Two images of struggle. It seems to me that there is more and more evidence here pointing to a fixation on struggle in these aphorisms, which bears out a similar fixation in the fiction. This one refers to the disproportionate exhaustion that can be induced by ordinary tasks, their unseen heroism, describing the relationship to the world as a struggle. It isn't that even something as minor as this is a struggle; it's that precisely this kind of thing is at the heart of the struggle. Battles are typically decisive, but a mundane task like whitewashing, while it may be done or left undone, is not historic because nothing concludes or begins with it. You whitewash now and then. The moment the whitewash is freshened up it becomes a blank canvas to be smudged and sootied all over again. In a battle, men are killed, and while more men will probably come along, those dead men can't be restored to life.

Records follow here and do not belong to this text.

Lemma sum_sqr_le_sqr_sum (R : realDomainType) (I : Type) (r : seq I) (P : pred I)
    (f : I -> R) :
  (forall i, P i -> 0 <= f i) ->
  \sum_(i <- r | P i) f i ^+ 2 <= (\sum_(i <- r | P i) f i) ^+ 2.
Proof.
move=> f_ge0; elim: r => [|i r IH]; first by rewrite !big_nil expr0n.
rewrite !big_cons; case: ifP => // Pi.
have := f_ge0 i Pi; have : 0 <= \sum_(j <- r | P j) f j by exact: sumr_ge0.
nra.
Qed.

Lemma CauchySchwarz_sum (R : rcfType) (I : finType) (u v : I -> R) :
  \sum_i u i * v i <= Num.sqrt (\sum_i u i ^+ 2) * Num.sqrt (\sum_i v i ^+ 2).
Proof.
rewrite -sqrtrM; last by apply: sumr_ge0 => i _; exact: sqr_ge0.
apply: le_trans (ler_norm _) _; rewrite -sqrtr_sqr ler_sqrt; last first.
  by apply: mulr_ge0; apply: sumr_ge0 => i _; exact: sqr_ge0.
have lagrange : \sum_i \sum_j (u i * v j - u j * v i) ^+ 2 =
    2 * ((\sum_i u i ^+ 2) * (\sum_j v j ^+ 2) - (\sum_i u i * v i) ^+ 2).
  rewrite expr2 !big_distrlr (_ : forall x y : R, 2 * (x - y) = x + x - 2 * y);
    last by move=> *; ring.
  rewrite [X in _ = _ + X - _]exchange_big /= -big_split mulr_sumr -sumrB /=.
  apply: eq_bigr => i _; rewrite -big_split mulr_sumr -sumrB /=.
  by apply: eq_bigr => j _; ring.
have : 0 <= \sum_i \sum_j (u i * v j - u j * v i) ^+ 2.
  by apply: sumr_ge0 => i _; apply: sumr_ge0 => j _; exact: sqr_ge0.
rewrite lagrange; lra.
Qed.

Section SortedModuli.
Variables (R : realType) (F : comNzRingType) (ab : F -> R).
Hypotheses (ab_ge0 : forall z, 0 <= ab z) (ab_eq0 : forall z, (ab z == 0) = (z == 0)).
Variables (n : nat) (x : 'cV[F]_n).
Local Notation s := (sorted_abs ab x).

Lemma size_sorted_abs : size s = n.
Proof. by rewrite size_sort size_map size_enum_ord. Qed.

Lemma sorted_abs_sorted : sorted (fun a b : R => b <= a) s.
Proof. by apply: sort_sorted => a b; rewrite le_total. Qed.

Lemma perm_sorted_abs : perm_eq s [seq ab (x i 0) | i <- enum 'I_n].
Proof. by apply/permPl; apply: perm_sort. Qed.

Lemma sorted_abs_ge0 j : 0 <= s`_j.
Proof.
have [lt_j_n|ge_j_n] := ltnP j n; last by rewrite nth_default ?size_sorted_abs.
have := @mem_nth _ 0 s j; rewrite size_sorted_abs => /(_ lt_j_n).
by rewrite (perm_mem perm_sorted_abs) => /mapP[i _ ->].
Qed.

Lemma sorted_abs_le i j : (i <= j)%N -> s`_j <= s`_i.
Proof.
move=> le_ij; have [lt_j_n|ge_j_n] := ltnP j n; last first.
  by rewrite nth_default ?size_sorted_abs ?sorted_abs_ge0.
have ge_trans : transitive (fun a b : R => b <= a).
  by move=> a b c ba cb; apply: le_trans cb ba.
apply: (sorted_leq_nth ge_trans (@lexx _ R) 0 sorted_abs_sorted);
  by rewrite ?inE ?size_sorted_abs ?(leq_ltn_trans le_ij lt_j_n).
Qed.

Lemma kstar_spec K : (0 < K)%N ->
  let k := kstar ab x K in
  [/\ (0 < k)%N, (k <= K)%N & k%:R * s`_(K - k) <= tail_sum ab x K k].
Proof.
move=> K_gt0 /=.
pose P (k : 'I_K.+1) :=
  (0 < k)%N && (0 <= tail_sum ab x K k - (k : nat)%:R * s`_(K - k)).
have P_gt0 : (0 < #|P|)%N.
  apply/card_gt0P; exists (Ordinal (K_gt0 : (1 < K.+1)%N)).
  rewrite unfold_in /P /= subr_ge0 mul1r /tail_sum.
  have [lt_K1_n|ge_K1_n] := ltnP (K - 1) n.
    by rewrite big_ltn // lerDl; apply: sumr_ge0 => j _; exact: sorted_abs_ge0.
  rewrite nth_default ?size_sorted_abs //.
  by apply: sumr_ge0 => j _; exact: sorted_abs_ge0.
have [k0 Pk0 max_k0] := eq_bigmax_cond (fun k : 'I_K.+1 => (k : nat)) P_gt0.
have -> : kstar ab x K = k0 by exact: max_k0.
move: Pk0; rewrite unfold_in => /andP[] k0_gt0; rewrite subr_ge0 => cond.
by split; rewrite // -ltnS.
Qed.

(* With a := s_(K-k), the witnesses are D = \sum_(K-k <= j < K) (a - s_j) and
   E = \sum_(K-k <= j < K) (a - s_j)^2. *)
Lemma Q2_tail_decomposition K : (0 < K)%N -> (K <= n)%N ->
  let k := kstar ab x K in
  let sig := \sum_(K <= j < n) s`_j in
  exists2 D, 0 <= D <= sig &
  exists2 E, 0 <= E <= D ^+ 2 &
    Q2 ab K x = 2 * s`_(K - k) * sig + (sig - D) ^+ 2 / k%:R - E
                - \sum_(K <= j < n) s`_j ^+ 2.
Proof.
move=> K_gt0 le_K_n k sig; have [k_gt0 le_k_K cond] := kstar_spec K_gt0.
set m := (K - k)%N in cond *; set a := s`_m.
have le_m_K : (m <= K)%N by exact: leq_subr.
have K_m : (K - m)%N = k by rewrite subKn.
have split_tail (f : nat -> R) :
    \sum_(m <= j < n) f j = \sum_(m <= j < K) f j + \sum_(K <= j < n) f j.
  by rewrite (@big_cat_nat _ _ _ K).
have a_ge j : (m <= j)%N -> 0 <= a - s`_j.
  by move=> le_m_j; rewrite subr_ge0 sorted_abs_le.
pose d1 := \sum_(m <= j < K) (a - s`_j); pose d2 := \sum_(m <= j < K) (a - s`_j) ^+ 2.
have head_sum : \sum_(m <= j < K) s`_j = k%:R * a - d1.
  by rewrite /d1 sumrB sumr_const_nat K_m -mulr_natl; ring.
have head_sumsq : \sum_(m <= j < K) s`_j ^+ 2 = k%:R * a ^+ 2 - 2 * a * d1 + d2.
  rewrite (eq_bigr (fun j => a ^+ 2 - 2 * a * (a - s`_j) + (a - s`_j) ^+ 2));
    last by move=> j _; ring.
  by rewrite big_split /= sumrB sumr_const_nat K_m -mulr_sumr -[_ *+ k]mulr_natl.
have d1_ge0 : 0 <= d1.
  by rewrite /d1 big_nat_cond; apply: sumr_ge0 => j /andP[/andP[/a_ge]].
exists d1.
  rewrite d1_ge0 /=; move: cond; rewrite /tail_sum -/m split_tail head_sum -/sig -/k -/a.
  lra.
exists d2.
  apply/andP; split; first by apply: sumr_ge0 => j _; exact: sqr_ge0.
  rewrite /d2 /d1 big_nat_cond [X in _ <= X ^+ 2]big_nat_cond.
  by apply: sum_sqr_le_sqr_sum => j /andP[/andP[/a_ge]].
rewrite /Q2 -/k /tail_sum /tail_sumsq -/m !split_tail head_sum head_sumsq -/sig.
by field; rewrite pnatr_eq0 -lt0n.
Qed.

So the effort involved is the same, even if the outcomes vary wildly in significance. If we value things according to the amount of effort they cost, then this would tend to level these two things, battling and whitewashing. But if we value things according to what was won or lost, then these two things are as far apart as possible. The contrast between the former equivalence and the latter incomparability is the object of this aphorism.

On the one hand, it's a dry joke about tedious workaday chores. On the other hand, it seems to elevate, in a way, that work -- unless the intention is to compare the gladiator with the whitewasher. If that's Kafka's idea, then the point is that the whitewasher is at the same time capable of a maximum effort, just like the gladiator, and yet this maximum effort gives a result that falls bathetically short of the accomplishment of the gladiator (glory doesn't necessarily enter into the question -- the gladiator may be a monster, but the result of his fighting is death, permanent and consequential and hence unlike whitewashing). There is an equivalence and an incomparability in this comparison as well.